At the same time, if kNN has a slightly lower Brier score and a higher mean P(true class) than `freq`, then it may still be producing better-calibrated probability weights even though its top prediction is less often correct. That distinction matters in `cat2cat`, because the mapped weights are probabilities distributed across candidate categories rather than single-class assignments.

### Compare multiple ML methods in one run

```{r cv-multiple}
cv_all <- cat2cat_ml_run(
  mappings = list(trans = trans, direction = "backward"),
  ml = list(
    data = bind_rows(occup_2010, occup_2012),
    cat_var = "code",
    method = c("knn", "lda", "rf", "nb"),
    features = c("age", "sex", "edu", "exp", "parttime", "salary"),
    args = list(k = 10, ntree = 50)
  )
)
print(cv_all)
```

Interpretation tip for mixed outputs:

- It is possible for a method to have 0 failed rows in `cat2cat()` but a non-zero
  skipped-group rate in `cat2cat_ml_run()`.
- This is not a contradiction: the first is row-level weight construction, the
  second is group-level holdout evaluation coverage.
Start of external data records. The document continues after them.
Lemma cont_derivable_on_mul U (f g : V -> R) :
  cont_derivable_on U f -> cont_derivable_on U g ->
  cont_derivable_on U (fun x => f x * g x).
Proof.
move=> cdf cdg x Ux; have [cf df] := cdf x Ux; have [cg dg] := cdg x Ux.
by split=> [|v]; [exact: continuousM|exact: derivableM].
Qed.

Lemma cont_derivable_on_inv U (f : V -> R) : (forall x, U x -> f x != 0) ->
  cont_derivable_on U f -> cont_derivable_on U (fun x => (f x)^-1).
Proof.
move=> f_neq0 cdf x Ux; have [cf df] := cdf x Ux.
have fx_neq0 := f_neq0 x Ux.
by split=> [|v]; [exact: continuousV|exact: derivableV].
Qed.

Lemma is_derive_scale_cst W (s : V -> R) (a : W) x v : derivable s x v ->
  is_derive x v (fun y => s y *: a) ('D_v s x *: a).
Proof.
move=> ds; have Dsa : (fun h => h^-1 *: ((fun y => s y *: a) (h *: v + x) - s x *: a))
    @ 0^' --> 'D_v s x *: a.
  have -> : (fun h : R => h^-1 *: ((fun y => s y *: a) (h *: v + x) - s x *: a))
          = (fun h => (h^-1 *: (s (h *: v + x) - s x)) *: a).
    by apply: funext => h; rewrite /= -scalerBl scalerA.
  exact: cvgZr_tmp ds.
by apply: DeriveDef; [apply/cvg_ex; exists ('D_v s x *: a)|exact: cvg_lim Dsa].
Qed.

Lemma cont_derivable_on_scale W U (s : V -> R) (a : W) :
  cont_derivable_on U s -> cont_derivable_on U (fun x => s x *: a).
Proof.
move=> cds x Ux; have [cs ds] := cds x Ux.
split; first exact: continuousZr_tmp.
by move=> v; have [] := is_derive_scale_cst a (ds v).
Qed.

Lemma smooth_upto_add W U k (f g : V -> W) : open U ->
  smooth_upto U k f -> smooth_upto U k g -> smooth_upto U k (fun x => f x + g x).
Proof.
move=> oU; elim: k f g => [|k IH] f g sf sg;
  have cdfg := cont_derivable_on_add (smooth_upto_cont_derivable sf)
    (smooth_upto_cont_derivable sg); first exact: smooth_upto0.
apply: smooth_uptoS => [//|v].
apply: (smooth_upto_eq_in (f := fun x => 'D_v f x + 'D_v g x) oU) => [x Ux|].
  have [_ df] := smooth_upto_cont_derivable sf Ux.
  by have [_ dg] := smooth_upto_cont_derivable sg Ux; rewrite deriveD.
exact: IH (smooth_upto_derive _ sf) (smooth_upto_derive _ sg).
Qed.

Lemma smooth_upto_mul U k (f g : V -> R) : open U ->
  smooth_upto U k f -> smooth_upto U k g -> smooth_upto U k (fun x => f x * g x).
Proof.
move=> oU; elim: k f g => [|k IH] f g sf sg;
  have cdfg := cont_derivable_on_mul (smooth_upto_cont_derivable sf)
    (smooth_upto_cont_derivable sg); first exact: smooth_upto0.
apply: smooth_uptoS => [//|v].
apply: (smooth_upto_eq_in (f := fun x => f x * 'D_v g x + g x * 'D_v f x) oU)
    => [x Ux|].
  have [_ df] := smooth_upto_cont_derivable sf Ux.
  by have [_ dg] := smooth_upto_cont_derivable sg Ux; rewrite deriveM.
have [sf' sg'] := (smooth_upto_le (leqnSn k) sf, smooth_upto_le (leqnSn k) sg).
exact: smooth_upto_add oU (IH _ _ sf' (smooth_upto_derive v sg))
  (IH _ _ sg' (smooth_upto_derive v sf)).
Qed.

Lemma smooth_upto_scale W U k (s : V -> R) (a : W) : open U ->
  smooth_upto U k s -> smooth_upto U k (fun x => s x *: a).
Proof.
move=> oU; elim: k s => [|k IH] s ss;
  have cdsa := cont_derivable_on_scale a (smooth_upto_cont_derivable ss);
  first exact: smooth_upto0.
apply: smooth_uptoS => [//|v].
apply: (smooth_upto_eq_in (f := fun x => 'D_v s x *: a) oU) => [x Ux|].
  have [_ ds] := smooth_upto_cont_derivable ss Ux.
  by case: (is_derive_scale_cst a (ds v)).
exact: IH (smooth_upto_derive _ ss).
Qed.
### Inspect per-group diagnostics when methods disagree

The returned object is a named list. Each element corresponds to one mapping group:

```{r cv-inspect}
# Pick a group with multiple candidates
group_names <- names(cv_all)
example_group <- group_names[
  which(vapply(cv_all, function(g) !is.na(g$freq) && g$naive < 1, logical(1)))[1]
]
cv_all[[example_group]]
```

Each group entry contains the group-level diagnostics behind the printed summary:

- `$naive` - $1/k$ random-guess accuracy for that group.
- `$freq` - majority-class accuracy for that group.
- `$acc` - named numeric vector with ML accuracy by method.
- `$naive_brier` and `$freq_brier` - baseline Brier scores.
- `$brier` - named numeric vector with ML Brier scores by method.
- `$naive_mean_prob` and `$freq_mean_prob` - baseline mean P(true class).
- `$mean_prob` - named numeric vector with ML mean P(true class) by method.
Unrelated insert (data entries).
Lemma same_cls_pairs_const (B : {set pt}) : #|B| = 3%N ->
  {in B &, forall p q, cls p = cls q} -> same_cls_pairs B = 6.
Proof.
move=> cB H; rewrite /same_cls_pairs (eq_bigr (fun p => 2%:R)) ?sumr_const ?cB //.
move=> p pB; rewrite (eq_bigr (fun q => 1)); last first.
  by move=> q /andP [qB _]; rewrite (H p q pB qB) eqxx.
have e : #|B :\ p| = 2%N by have := cardsD1 p B; rewrite pB cB /= => e; lia.
by rewrite sum_cond_const e.
Qed.

(* If some block lies in one class, then the blocks with a repeated class,
   each contributing at least 2 and that block 6, bound the total v(m-1). *)
Lemma repeated_cls_blocks_bound B1 : B1 \in Bs ->
  {in B1 &, forall p q, cls p = cls q} ->
  (#|[set B in Bs | same_cls_pairs B != 0]| * 2 + 4 <= N * (third - 1))%N.
Proof.
move=> B1B H1.
pose two (B : {set pt}) : int := if same_cls_pairs B != 0 then 2 else 0.
have sum_two : \sum_(B in Bs) two B = (#|[set B in Bs | same_cls_pairs B != 0]| * 2)%:R.
  rewrite -big_mkcondr /= (eq_bigl [in [set B in Bs | same_cls_pairs B != 0]]).
    by rewrite sumr_const natrM mulr_natl.
  by move=> B; rewrite inE.
have excess : 4 <= \sum_(B in Bs) (same_cls_pairs B - two B).
  rewrite (bigD1 B1) //= /two same_cls_pairs_const ?block_card //.
  rewrite (_ : 4 = (6 - 2) + 0) //; apply: lerD => //.
  apply: sumr_ge0 => B _; case: (same_cls_pairs_cases B) => [->|ge2].
    by rewrite eqxx subr0.
  by rewrite ifT ?subr_ge0 // gt_eqF // (lt_le_trans _ ge2).
move: excess; rewrite sumrB sum_same_cls_pairs sum_two lerBrDl -natrD ler_nat.
by rewrite addnC.
Qed.

(* The arithmetic of the next lemma: with v = 3m, at most m blocks having no
   repeated class is incompatible with the bound above. *)
Lemma blocks_count_arith (v m nB b z s : nat) : v = (3 * m)%N -> (5 <= m)%N ->
  (nB * 6 = v * (v - 1))%N -> (s * 3 = v)%N -> (z + b = nB)%N -> (z <= s)%N ->
  (b * 2 + 4 <= v * (m - 1))%N -> False.
Proof. by move=> -> *; nia. Qed.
### Decision rules for interpreting the output

**Understanding model performance in context**: This is **multi-class classification** - each mapping group can have 3-10+ candidate categories. 
A naive random guess yields only ~18% accuracy (1/k where k is the number of candidates). 
Achieving 50%+ is substantial improvement over random - do not compare these numbers to binary classification benchmarks where 80%+ is typical. 
The key question is whether ML beats the *frequency* baseline, not whether it reaches some absolute threshold.
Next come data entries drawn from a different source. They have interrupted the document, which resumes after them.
(* Write u_j = w_j (pi_j - eta delta_j) >= 0 for the surplus of arm j, so that
   r_j = u_j / pi_j and L[B] = - sum_B u + gamma max(sum_B pi - Q, 0).  The
   whole argument rests on one threshold bound (loss_threshold_lb): if C is an
   upper set of A for the ratio at a level 0 <= rho <= gamma, then for every
   B in A, L[B] >= rho (sum_C pi - Q) - sum_C u, because gamma max(x,0) >= rho x
   and sum_B pi_j (rho - r_j) is minimised at B = C.
   - Case (i): C = S(b) with Pi(b) = Q attains this bound, so it is optimal.
   - Case (ii): B^- is an upper set of mass at most Q (it lies in one S(b)
     with Pi(b) < Q), so L[B^-] = - sum u over B^-; the threshold bound at
     the largest ratio outside B^-, which is at most min_{B^-} r, gives
     min L >= L[B^-] - UE; and the test defining the greedy choice ensures
     L[B^+] <= L[B^-] whenever B^+ is chosen. *)

Lemma delta_unc_ge0 (R : realType) (pif : R -> R -> R) (x : R) :
  (forall s, unit_itv s -> 0 <= pif s x <= 1) -> 0 <= delta_unc pif x.
Proof.
move=> pif01; rewrite /delta_unc divr_ge0 // subr_ge0.
set E := [set pif s x | s in unit_itv].
have E0 : E (pif 0 x) by exists 0 => //; rewrite /unit_itv /= lexx ler01.
apply: (@le_trans _ _ (pif 0 x)).
  by apply: ge_inf => //; exists 0 => _ [s /pif01 /andP[? _] <-].
by apply: ub_le_sup => //; exists 1 => _ [s /pif01 /andP[_ ?] <-].
Qed.

Lemma sum_subset_le (R : numDomainType) (T : finType) (X Y : {set T})
    (f : T -> R) :
  X \subset Y -> (forall j, j \in Y -> 0 <= f j) ->
  \sum_(j in X) f j <= \sum_(j in Y) f j.
Proof.
move=> sXY f_ge0; rewrite [X in _ <= X](big_setID X) /= (finset.setIidPr sXY) lerDl.
by apply: sumr_ge0 => j; rewrite inE => /andP[_ /f_ge0].
Qed.

Section GreedyAnalysis.
Variables (R : realType) (T : finType) (A : {set T}) (w pi delta : T -> R).
Variables (eta gamma Q : R).

Local Notation L := (Defs.loss w pi delta eta gamma Q).
Local Notation r := (Defs.ratio w pi delta eta).
Local Notation S := (Sset A w pi delta eta).
Local Notation Pi := (PiS A w pi delta eta).
Local Notation Lmin := (min_loss A w pi delta eta gamma Q).

Definition surplus (j : T) : R := w j * (pi j - eta * delta j).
| Scenario | Recommendation |
|----------|---------------|
| ML model performance >> freq across most groups | ML weights add genuine signal; use them |
| ML model performance $\approx$ freq | ML is no better than frequency; prefer `wei_freq_c2c` (simpler, faster) |
| ML model performance < freq for many groups | ML is adding noise; do **not** use ML weights |
| High skipped-group rate (>20%) | Features may have too many missing values, groups are too small, or method fitting is unstable |

Because the train/test split is random, results vary between runs. For more stable estimates, pool more data into `ml$data` (e.g. multiple survey waves) or run `cat2cat_ml_run()` several times and average the summaries.

> **Caveat**: high `cat2cat_ml_run()` model performance means the model discriminates well *within* mapping groups. 
It does not validate the mapping table itself. A perfect model with a wrong transition table will still produce wrong results.